Wouldn't the answer be Greedy Best First Search since the path cost $= 0$?
Which search strategy is simulated by the $A*$ search algorithm if we take cost function$ g(n) = 0$ if one assumes no further restrictions on the heuristic function $h$?
- Depth First Search
- Greedy Best First Search
- Uniform Cost Search
- None of the above.
Edit: I believe it is Greedy Best First Search because the GBFS always looks for the lowest next heuristic, while the A* search looks for the lowest sum of the pathcost + heuristic. If pathcost is 0, then there would be no difference between the two?

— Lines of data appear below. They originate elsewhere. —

(* Pick a difference vector [v] outside every hyperedge's difference space.
   The singular map [B = 1 - c0 v] kills [v], yet on each hyperedge [h] it
   agrees with the invertible [B + ch v], where [ch] annihilates the
   differences of [h]. *)
Lemma inv_affine_glue_spanning_edge : inv_affine_glue -> spanning_edge_test Th pcoords.
Proof.
move=> glue; apply/negPn/negP; rewrite negb_or => /andP [nz /existsPn no_span].
set W := diff_mx pcoords setT in nz no_span.
have [|v vW v_out] :=
  row_avoid_submx (W := W) (Ms := 0 :: [seq diff_mx pcoords h | h <- enum Th]).
  move=> M; rewrite inE => /orP [/eqP ->|/mapP [h hTh ->]].
    by apply/negP => /submx0null; apply/eqP.
  by rewrite mem_enum in hTh; have := no_span h; rewrite hTh.
have v_neq0 : ~~ (v <= (0 : 'M[R]_(#|{: V * V}|, d)))%MS := v_out _ (mem_head _ _).
have [c0 _ vc0] := exists_separating_col v_neq0.
pose B := 1%:M - c0 *m v.
have vB : v *m B = 0 by rewrite mulmxBr mulmx1 mulmxA vc0 mul1mx subrr.
have /agrees_inv_affineP [G unitG eGB] : agrees_inv_affine setT B.
  apply: glue => h hTh; apply/agrees_inv_affineP.
  have /exists_separating_col [ch hch vch] : ~~ (v <= diff_mx pcoords h)%MS.
    by apply: v_out; rewrite inE map_f ?orbT // mem_enum.
  pose N := (ch - c0) *m v.
  have NN : N *m N = 0.
    by rewrite /N mulmxA -(mulmxA _ v) mulmxBr vch vc0 subrr mulmx0 mul0mx.
  exists (B + ch *m v); last by rewrite mulmxDr mulmxA hch mul0mx addr0.
  have -> : B + ch *m v = 1%:M + N by rewrite /B /N mulmxBl addrAC addrA.
  have [] // := mulmx1_unit (A := 1%:M + N) (B := 1%:M - N).
  by rewrite mulmxBr mulmx1 mulmxDl mul1mx NN addr0 addrK.
have vG : v *m G = 0.
  by have [w vw] := submxP vW; rewrite vw -mulmxA eGB mulmxA -vw.
by move: v_neq0; rewrite -(mulmxK unitG v) vG mul0mx sub0mx.
Qed.

Definition affine_image_on (S : {set V}) (q : config R d V) :=
  exists (A : 'M[R]_d) (b : 'rV[R]_d), forall u, u \in S -> q u = p u *m A + b.

Definition affine_glue := forall q : config R d V,
  (forall h, h \in Th -> affine_image_on h q) -> affine_image_on setT q.

Definition coord_row (q : config R d V) (k : 'I_d) : 'rV[R]_#|V| :=
  \row_i q (enum_val i) 0 k.

Lemma mul_homog_mx (y : 'rV[R]_(1 + d)) i : (y *m homog_mx pcoords) 0 i =
  y 0 (lshift d 0) + \sum_j y 0 (rshift 1 j) * p (enum_val i) 0 j.
Proof.
rewrite -{1}[y]hsubmxK /homog_mx mul_row_col mxE; congr (_ + _).
  by rewrite mxE big_ord1 !mxE mulr1.
by rewrite mxE; apply: eq_bigr => j _; rewrite !mxE.
Qed.

Lemma affine_mapE (A : 'M[R]_d) (b : 'rV[R]_d) u k :
  (p u *m A + b) 0 k = b 0 k + \sum_j A j k * p u 0 j.
Proof. by rewrite !mxE addrC; congr (_ + _); apply: eq_bigr => j _; rewrite mulrC. Qed.

Lemma mul_support_mx (S : {set V}) (w : 'rV[R]_#|V|) i :
  (w *m support_mx R S) 0 i = if enum_val i \in S then w 0 i else 0.
Proof. by rewrite mul_mx_diag !mxE; case: ifP; rewrite ?mulr1 ?mulr0. Qed.

Lemma row_entryB n (a b : 'rV[R]_n) i : (a - b) 0 i = a 0 i - b 0 i.
Proof. by rewrite !mxE. Qed.

Lemma affine_image_onP S q :
  affine_image_on S q <-> forall k, (coord_row q k <= affine_on_mx pcoords S)%MS.
Proof.
split=> [[A [b qAb]] k|q_aff].
  pose y : 'rV[R]_(1 + d) := row_mx (b 0 k)%:M (\row_j A j k).
  have yE i : (y *m homog_mx pcoords) 0 i = (p (enum_val i) *m A + b) 0 k.
    rewrite mul_homog_mx affine_mapE /y (row_mxEl ((b 0 k)%:M)) mxE eqxx mulr1n.
    by congr (_ + _); apply: eq_bigr => j _; rewrite (row_mxEr ((b 0 k)%:M)) mxE.
  have off_S : (coord_row q k - y *m homog_mx pcoords) *m support_mx R S = 0.
    apply/rowP => i; rewrite mul_support_mx [RHS]mxE; case: ifP => // iS.
    by rewrite row_entryB yE mxE (qAb _ iS) subrr.
  have -> : coord_row q k =
      row_mx y (coord_row q k - y *m homog_mx pcoords) *m affine_on_mx pcoords S.
    by rewrite mul_row_col mulmxBr mulmx1 off_S subr0 addrC subrK.
  exact: submxMl.
pose W k := coord_row q k *m pinvmx (affine_on_mx pcoords S).
have WE k : coord_row q k =
    lsubmx (W k) *m homog_mx pcoords + rsubmx (W k) *m (1%:M - support_mx R S).
  by rewrite -mul_row_col hsubmxK /W mulmxKpV.
exists (\matrix_(j, k) lsubmx (W k) 0 (rshift 1 j)).
exists (\row_k lsubmx (W k) 0 (lshift d 0)) => u uS; apply/rowP => k.
have := congr1 (fun w : 'rV[R]_#|V| => w 0 (enum_rank u)) (WE k).
rewrite mxE enum_rankK => ->.
rewrite [LHS]mxE mulmxBr mulmx1 row_entryB mul_support_mx enum_rankK uS.
rewrite subrr addr0 mul_homog_mx affine_mapE enum_rankK.
rewrite [in RHS]mxE; congr (_ + _).
by apply: eq_bigr => j _; rewrite [in RHS]mxE.
Qed.

Lemma affine_on_mx_setT : (affine_on_mx pcoords setT :=: homog_mx pcoords)%MS.
Proof.
rewrite /affine_on_mx.
have -> : support_mx R [set: V] = 1%:M by apply/matrixP => i j; rewrite !mxE in_setT.
rewrite subrr; apply: eqmx_trans (eqmx_sym (addsmxE _ _)) _.
exact: addsmx0.
Qed.

(* Each row of the intersection is the coordinate row of a configuration that
   lies on the diagonal line ([d > 0] provides a coordinate to read it from). *)
Lemma affine_glueP : (0 < d)%N -> affine_glue <-> affine_glue_test Th pcoords.
Proof.
move=> d_gt0; split=> [glue|test q q_aff].
  apply/row_subP => i; set c := row i _.
  have c_aff h : h \in Th -> (c <= affine_on_mx pcoords h)%MS.
    move=> hTh; have := row_sub i (\bigcap_(h in Th) <<affine_on_mx pcoords h>>)%MS.
    by move/sub_bigcapmxP => /(_ h hTh); rewrite genmxE.
  pose q : config R d V := fun u => const_mx (c 0 (enum_rank u)).
  have qc k : coord_row q k = c by apply/rowP => j; rewrite !mxE enum_valK.
  have /affine_image_onP/(_ (Ordinal d_gt0)) : affine_image_on setT q.
    by apply: glue => h hTh; apply/affine_image_onP => k; rewrite qc c_aff.
  by rewrite qc affine_on_mx_setT.
apply/affine_image_onP => k; rewrite affine_on_mx_setT; apply: submx_trans test.
apply/sub_bigcapmxP => h hTh; rewrite genmxE.
by have /affine_image_onP := q_aff h hTh; apply.
Qed.

End Characterization.

Section Rigidity.
Variables (R : realType) (d : nat) (V : finType) (Th : hypergraph V).
Variable p : config R d V.

Lemma rigid_inv_affine_glue : affinely_rigid Th p -> inv_affine_glue Th p.
Proof.
move=> rigid_p B agreeB.
have [|g [[G [b [unitG gE]]] gpB]] := rigid_p (fun u => p u *m B).
  move=> h hTh; have [G unitG [b pGb]] := agreeB h hTh.
  by exists (fun y => y *m G + b); split; [exists G, b | exact: pGb].
by exists G => //; exists b => u _; rewrite -gE gpB.
Qed.

(* For a suitable [t != 0], [p + t q] is hyperedge-wise an invertible affine
   image of [p]; rigidity makes it a global one, and solving for [q] exhibits
   [q] as a global affine image of [p]. *)
Lemma rigid_affine_glue : affinely_rigid Th p -> affine_glue Th p.
Proof.
move=> rigid_p q q_aff.
have [Ab qAb] : exists Ab : {set V} -> 'M[R]_d * 'rV[R]_d, forall h, h \in Th ->
    forall u, u \in h -> q u = p u *m (Ab h).1 + (Ab h).2.
  apply: (@fin_all_exists _ (fun=> ('M[R]_d * 'rV[R]_d)%type)
    (fun h Ab => h \in Th -> forall u, u \in h -> q u = p u *m Ab.1 + Ab.2)) => h.
  have [hTh|] := boolP (h \in Th); last by exists (0, 0).
  by have [A [b qE]] := q_aff h hTh; exists (A, b).
have [t t_neq0 unit_t] := exists_units_shift (fun h => (Ab h).1).
have [|g [[G [c [_ gE]]] gpq]] := rigid_p (fun u => p u + t *: q u).
  move=> h hTh; exists (fun y => y *m (1%:M + t *: (Ab h).1) + t *: (Ab h).2).
  split; first by exists (1%:M + t *: (Ab h).1), (t *: (Ab h).2).
  move=> u uh; rewrite (qAb h hTh u uh) mulmxDr mulmx1 -scalemxAr scalerDr.
  by rewrite addrA.
exists (t^-1 *: (G - 1%:M)), (t^-1 *: c) => u _.
have tq : p u *m G - p u + c = t *: q u.
  by rewrite addrAC -gE gpq addrAC subrr add0r.
by rewrite -scalemxAr mulmxBr mulmx1 -scalerDr tq scalerA mulVf // scale1r.
Qed.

Greedy Best First Search (GBFS) is the correct answer. To demonstrate this, we need to address the two properties that differ between A* and GBFS:
Let $h(n)$ be the heuristic value of the search node $n$, and let $g(n)$ be the distance from the initial search node to $n$. Assuming similar tie-breaking for both algorithms, GBFS selects nodes from the OPEN LIST based on their heuristic value $h(n)$. A* selects nodes based on $f(n) = g(n) + h(n)$. Given the assumption that $g(n) = 0$ for every $n$, we have that $f(n) = h(n)$. Thus, the order of selecting nodes from the OPEN LIST is the same.

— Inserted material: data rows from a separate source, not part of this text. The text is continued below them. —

Lemma Rpower_mul_ln_small C gamma : 0 <= C -> 0 < gamma ->
  exists delta, 0 < delta <= 1 /\
    forall h, 0 < h < delta -> C * Rpower h gamma * ln (2 / h) <= 1 / 10.
Proof.
  intros HC Hg. set (A := C * Rpower 2 (gamma / 2) / (gamma / 2)).
  assert (HA : 0 <= A).
  { unfold A, Rdiv. pose proof (Rpower_gt0 2 (gamma / 2)).
    apply Rmult_le_pos; [nra | left; apply Rinv_0_lt_compat; lra]. }
  assert (HA1 : 0 < / (10 * A + 1)) by (apply Rinv_0_lt_compat; lra).
  exists (Rmin 1 (Rpower (/ (10 * A + 1)) (2 / gamma))).
  split; [split; [apply Rmin_pos; [lra | apply Rpower_gt0] | apply Rmin_l] |].
  intros h Hh. pose proof (Rmin_l 1 (Rpower (/ (10 * A + 1)) (2 / gamma))).
  pose proof (Rmin_r 1 (Rpower (/ (10 * A + 1)) (2 / gamma))).
  assert (Hhg : Rpower h (gamma / 2) < / (10 * A + 1)).
  { replace (/ (10 * A + 1)) with (Rpower (Rpower (/ (10 * A + 1)) (2 / gamma)) (gamma / 2)).
    - apply Rlt_Rpower_l; lra.
    - rewrite Rpower_mult. replace (2 / gamma * (gamma / 2)) with 1 by (field; lra).
      apply Rpower_1. auto. }
  assert (Hln : ln (2 / h) <= Rpower (2 / h) (gamma / 2) / (gamma / 2)).
  { apply ln_le_Rpower_div; [| lra]. apply (Rmult_le_reg_l h); [lra |].
    replace (h * (2 / h)) with 2 by (field; lra). lra. }
  assert (Hsplit :
    Rpower (2 / h) (gamma / 2) = Rpower 2 (gamma / 2) * Rpower h (- (gamma / 2))).
  { unfold Rdiv at 1.
    rewrite <- Rpower_Rinv, Rpower_mult_distr by (lra || apply Rinv_0_lt_compat; lra).
    auto. }
  rewrite Hsplit in Hln.
  assert (Hgg : Rpower h gamma * Rpower h (- (gamma / 2)) = Rpower h (gamma / 2))
    by (rewrite <- Rpower_plus; f_equal; field).
  apply Rle_trans with (A * Rpower h (gamma / 2)).
  - pose proof (Rpower_gt0 h gamma). rewrite <- Hgg. unfold A.
    replace (C * Rpower 2 (gamma / 2) / (gamma / 2) * (Rpower h gamma * Rpower h (- (gamma / 2))))
      with (C * Rpower h gamma * (Rpower 2 (gamma / 2) * Rpower h (- (gamma / 2)) / (gamma / 2)))
      by (field; lra).
    apply Rmult_le_compat_l; [nra | auto].
  - apply Rle_trans with (A * / (10 * A + 1)); [apply Rmult_le_compat_l; lra |].
    apply (Rmult_le_reg_r (10 * A + 1)); [lra |].
    field_simplify; lra.
Qed.

Lemma rpow0_root_mult_Rpower c h q alpha : 0 < alpha -> 0 <= c -> 0 < h ->
  rpow0 (c * Rpower h (alpha * q)) (/ alpha) = rpow0 c (/ alpha) * rpow0 h q.
Proof.
  intros Ha Hc Hh. rewrite rpow0_mult by (lra || left; apply Rpower_gt0).
  rewrite (rpow0_pos (Rpower h _)), (rpow0_pos h), Rpower_mult by (auto || apply Rpower_gt0).
  replace (alpha * q * / alpha) with q by (field; lra). auto.
Qed.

To demonstrate that the OPEN LIST and CLOSED LIST are similar for both GBFS and A* after each step of the algorithms, we need to show that the RE-OPEN subroutine is never activated for problems with a cost function of $g(n) = 0$.

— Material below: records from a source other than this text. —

(* Let $\sigma : X^* \to M$ be a monoid choice of generators for a right cancellative monoid $M$. Then the loop problem $L_\sigma(M)$ is deletion-closed: whenever $x, y, w \in \hat{X}^*$ satisfy $w \in L_\sigma(M)$ and $xwy \in L_\sigma(M)$, we have $xy \in L_\sigma(M)$.
   Context: Maps are written on the right. $X^*$ is the free monoid on $X$; a choice of generators is a surjective monoid morphism. Let $\overline{X} = \{\overline{x} : x \in X\}$ be new symbols, $\hat{X} = X \cup \overline{X}$. The loop automaton of $M$ w.r.t. $\sigma$ has vertex set $M$, for each $a \in M$, $x \in X$ an edge $a \to a(x\sigma)$ labelled $x$ and an edge $a(x\sigma) \to a$ labelled $\overline{x}$; the loop problem $L_\sigma(M) \subseteq \hat{X}^*$ is the set of labels of paths from the identity to the identity. *)

From mathcomp Require Import all_boot.
Set Implicit Arguments. Unset Strict Implicit. Unset Printing Implicit Defensive.

Definition is_monoid (M : Type) (mul : M -> M -> M) (one : M) : Prop :=
  [/\ forall a b c, mul a (mul b c) = mul (mul a b) c,
      forall a, mul one a = a & forall a, mul a one = a].

Definition right_cancellative (M : Type) (mul : M -> M -> M) : Prop :=
  forall a b c, mul b a = mul c a -> b = c.

Definition choice_of_generators (X M : Type) (mul : M -> M -> M) (one : M)
  (sigma : seq X -> M) : Prop :=
  [/\ sigma [::] = one,
      forall u v, sigma (u ++ v) = mul (sigma u) (sigma v)
    & forall m, exists w, sigma w = m].

(* hat X = X ∪ X̄ : inl x is the letter x, inr x is the letter x̄. *)
Definition hat (X : Type) : Type := (X + X)%type.

Definition loop_edge (X M : Type) (mul : M -> M -> M) (sigma : seq X -> M)
  (a : M) (l : hat X) (b : M) : Prop :=
  match l with
  | inl x => b = mul a (sigma [:: x])
  | inr x => a = mul b (sigma [:: x])
  end.

Inductive loop_path (X M : Type) (mul : M -> M -> M) (sigma : seq X -> M)
  : M -> seq (hat X) -> M -> Prop :=
| loop_path_nil a : loop_path mul sigma a [::] a
| loop_path_cons a l b w c :
    loop_edge mul sigma a l b -> loop_path mul sigma b w c ->
    loop_path mul sigma a (l :: w) c.

Definition loop_problem (X M : Type) (mul : M -> M -> M) (one : M)
  (sigma : seq X -> M) : seq (hat X) -> Prop :=
  fun w => loop_path mul sigma one w one.

From mathcomp Require Import all_boot.
Set Implicit Arguments. Unset Strict Implicit. Unset Printing Implicit Defensive.

(* Left multiplication by [a] carries the loop at 1 labelled [w] to a loop at
   [a] labelled [w].  Right cancellativity makes the loop automaton
   deterministic, so in the path for [x w y] the [w]-segment, which starts at
   the vertex [a] reached by [x], must end at [a] again; cutting it out leaves
   a path for [x y]. *)

Section LoopPaths.

Variables (X M : Type) (mul : M -> M -> M) (sigma : seq X -> M).

Local Notation edge := (loop_edge mul sigma).
Local Notation lpath := (loop_path mul sigma).

Lemma loop_path_cat a u b v c :
  lpath a u b -> lpath b v c -> lpath a (u ++ v) c.
Proof.
elim=> {a u b} // a l b u d e _ IH /IH.
exact: loop_path_cons e.
Qed.

Lemma loop_path_catP a u v c :
  lpath a (u ++ v) c -> exists2 b, lpath a u b & lpath b v c.
Proof.
elim: u a => [|l u IH] a p; first by exists a => //; apply: loop_path_nil.
inversion p as [|? ? b ? ? e pb]; subst.
have [d pu pv] := IH b pb.
by exists d => //; apply: loop_path_cons e pu.
Qed.

Lemma loop_path_lmul (mulA : associative mul) a b w c :
  lpath b w c -> lpath (mul a b) w (mul a c).
Proof.
elim=> {b w c} [b|b l b' w c e _ IH]; first exact: loop_path_nil.
apply: loop_path_cons IH.
by case: l e => s /= ->; rewrite mulA.
Qed.

Hypothesis mul_rcancel : right_cancellative mul.

Lemma loop_edge_det a l b b' : edge a l b -> edge a l b' -> b = b'.
Proof.
case: l => s /=; first by move=> -> ->.
by move=> Eb Eb'; apply: (mul_rcancel (a := sigma [:: s])); rewrite -Eb -Eb'.
Qed.

Lemma loop_path_det a w c c' : lpath a w c -> lpath a w c' -> c = c'.
Proof.
move=> p; elim: p c' => {a w c} [a|a l b w c e _ IH] c' p'.
  by inversion p'.
inversion p' as [|? ? b' ? ? e' pb']; subst.
by apply: IH; rewrite (loop_edge_det e e').
Qed.

End LoopPaths.

Theorem proposition7p4 (X M : Type) (mul : M -> M -> M) (one : M)
  (sigma : seq X -> M) :
  is_monoid mul one ->
  right_cancellative mul ->
  choice_of_generators mul one sigma ->
  forall x y w : seq (hat X),
    loop_problem mul one sigma w ->
    loop_problem mul one sigma (x ++ w ++ y) ->
    loop_problem mul one sigma (x ++ y).
Proof.
move=> [mulA _ mulr1] rcancel _ x y w w_loop xwy_loop.
have [a px wy_loop] := loop_path_catP xwy_loop.
have [c pw py] := loop_path_catP wy_loop.
have aw : loop_path mul sigma a w a.
  by have := loop_path_lmul mulA a w_loop; rewrite mulr1.
rewrite (loop_path_det rcancel pw aw) in py.
exact: loop_path_cat px py.
Qed.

The RE-OPEN subroutine is activated if the following conditions hold for the currently inspected node $n$: the search has already encountered and expanded the node $n$ ($n$ is in the CLOSED LIST), and the current path to $n$ is shorter than the path we previously expanded $n$ with. In this case, A* updates the path to $n$ and puts it back in the OPEN LIST. However, this is impossible in the case where $g(n) = 0$ for every $n$, as all paths to all nodes cost zero. Thus, the RE-OPEN subroutine is never activated.
Hence, A* behaves like GBFS for a zero-cost problem when using the same heuristic function and tie-breaking strategy.